# [Exercise inputs]
Theorem mainTheorem1 (R : realType) (N : nat) (xi : C R) (a : 'I_N -> C R)
  (t : 'I_N -> C R) (e f k : 'I_N -> C R) (P : 'I_N.+1 -> C R) :
  (1 <= N)%N -> xi != 0 -> (forall j, a j != 0) ->
  (forall j, k j != 0) -> (forall j, casimir (e j) (f j) (k j) = t j) ->
  reflection_hamiltonians xi a e f k P ->
  ((fun z : C R => (z - z^-1) * transfer xi a e f k z) @ (1 : C R)^'
     --> \sum_(j < N.+1) P j)
  /\ \sum_(j < N.+1) P j
     = (xi - xi^-1) * \prod_(j < N) (t j - a j ^+ 2 - a j ^- 2).
Proof.
move=> _ _ a0 k0 casimir_t hamP.
set g := fun z : C R => (z - z^-1) * transfer xi a e f k z.
have one0 : (1 : C R) != 0 := oner_neq0 _.
have g_ham : g @ (1 : C R)^' --> hamiltonian_series P 1.
  apply: cvg_dnbhs_near_continuous; last exact: continuous_hamiltonian_series.
  near=> z; have [z0 z2] : z != 0 /\ z ^+ 2 != 1 by near: z; exact: near1_dnbhs_sqr_neq1.
  by rewrite /g /= (scaled_transfer_hamiltonian hamP z0 z2).
have g_refl : g @ (1 : C R)^' --> 2^-1 * \tr (reflection_product xi a e f k 1).
  apply: (@cvg_dnbhs_near_continuous _ _ _ _
    (fun z => 2^-1 * \tr (reflection_product xi a e f k z))).
    near=> z; have [z0 z2] : z != 0 /\ z ^+ 2 != 1 by near: z; exact: near1_dnbhs_sqr_neq1.
    by rewrite /g /= scaled_transfer_reflection_product // subr_inv_neq0.
  exact: continuous_half_trace_reflection_product.
rewrite hamiltonian_series1 in g_ham; split => //.
have -> : \sum_(j < N.+1) P j = 2^-1 * \tr (reflection_product xi a e f k 1).
  exact: cvg_unique _ g_ham g_refl.
rewrite reflection_product1 // mxtrace_scalar -[in X in 2^-1 * X]mulr_natl.
rewrite mulKf ?pnatr_eq0 //.
by congr (_ * _); apply: eq_bigr => j _; rewrite casimir_t.
Unshelve. all: by end_near.
Qed.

# [Exercise aim]
Lines after the one containing "have g_ham : g" are left out; every line from the start of the entries through that line is restated word for word.

# [Result of this task]
Theorem mainTheorem1 (R : realType) (N : nat) (xi : C R) (a : 'I_N -> C R)
  (t : 'I_N -> C R) (e f k : 'I_N -> C R) (P : 'I_N.+1 -> C R) :
  (1 <= N)%N -> xi != 0 -> (forall j, a j != 0) ->
  (forall j, k j != 0) -> (forall j, casimir (e j) (f j) (k j) = t j) ->
  reflection_hamiltonians xi a e f k P ->
  ((fun z : C R => (z - z^-1) * transfer xi a e f k z) @ (1 : C R)^'
     --> \sum_(j < N.+1) P j)
  /\ \sum_(j < N.+1) P j
     = (xi - xi^-1) * \prod_(j < N) (t j - a j ^+ 2 - a j ^- 2).
Proof.
move=> _ _ a0 k0 casimir_t hamP.
set g := fun z : C R => (z - z^-1) * transfer xi a e f k z.
have one0 : (1 : C R) != 0 := oner_neq0 _.
have g_ham : g @ (1 : C R)^' --> hamiltonian_series P 1.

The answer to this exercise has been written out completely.